• Instructions for the task: State how many lines of the material below contain the word "with". Add nothing else.

• Supplied material:
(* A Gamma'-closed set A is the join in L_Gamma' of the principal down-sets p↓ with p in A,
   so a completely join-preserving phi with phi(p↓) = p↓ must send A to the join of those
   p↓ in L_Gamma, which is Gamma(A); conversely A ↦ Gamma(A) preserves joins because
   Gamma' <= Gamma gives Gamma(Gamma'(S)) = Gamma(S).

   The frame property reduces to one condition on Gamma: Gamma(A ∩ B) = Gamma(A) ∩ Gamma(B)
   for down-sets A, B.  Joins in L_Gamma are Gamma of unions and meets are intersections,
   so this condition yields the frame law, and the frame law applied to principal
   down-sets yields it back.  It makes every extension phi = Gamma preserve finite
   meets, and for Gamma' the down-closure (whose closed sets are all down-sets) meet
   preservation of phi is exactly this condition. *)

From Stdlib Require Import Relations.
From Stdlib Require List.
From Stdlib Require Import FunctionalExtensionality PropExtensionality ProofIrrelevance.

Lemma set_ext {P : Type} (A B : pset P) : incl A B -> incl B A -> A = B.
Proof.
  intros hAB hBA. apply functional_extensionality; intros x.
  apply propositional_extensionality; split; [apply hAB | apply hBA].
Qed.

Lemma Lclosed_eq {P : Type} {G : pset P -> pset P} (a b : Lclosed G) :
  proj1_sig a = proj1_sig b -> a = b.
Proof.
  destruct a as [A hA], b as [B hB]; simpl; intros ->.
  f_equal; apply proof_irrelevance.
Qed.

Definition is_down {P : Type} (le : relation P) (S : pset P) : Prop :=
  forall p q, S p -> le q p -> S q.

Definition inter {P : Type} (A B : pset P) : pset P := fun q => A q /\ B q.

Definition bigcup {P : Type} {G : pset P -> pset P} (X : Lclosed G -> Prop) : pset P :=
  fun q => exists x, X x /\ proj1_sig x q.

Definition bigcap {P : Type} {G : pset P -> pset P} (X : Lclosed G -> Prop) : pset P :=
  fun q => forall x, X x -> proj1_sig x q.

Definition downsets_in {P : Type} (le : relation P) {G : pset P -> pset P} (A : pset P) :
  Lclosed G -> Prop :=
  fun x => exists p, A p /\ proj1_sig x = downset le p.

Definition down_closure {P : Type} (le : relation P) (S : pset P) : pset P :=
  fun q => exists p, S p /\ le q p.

• Solution to this exercise: 2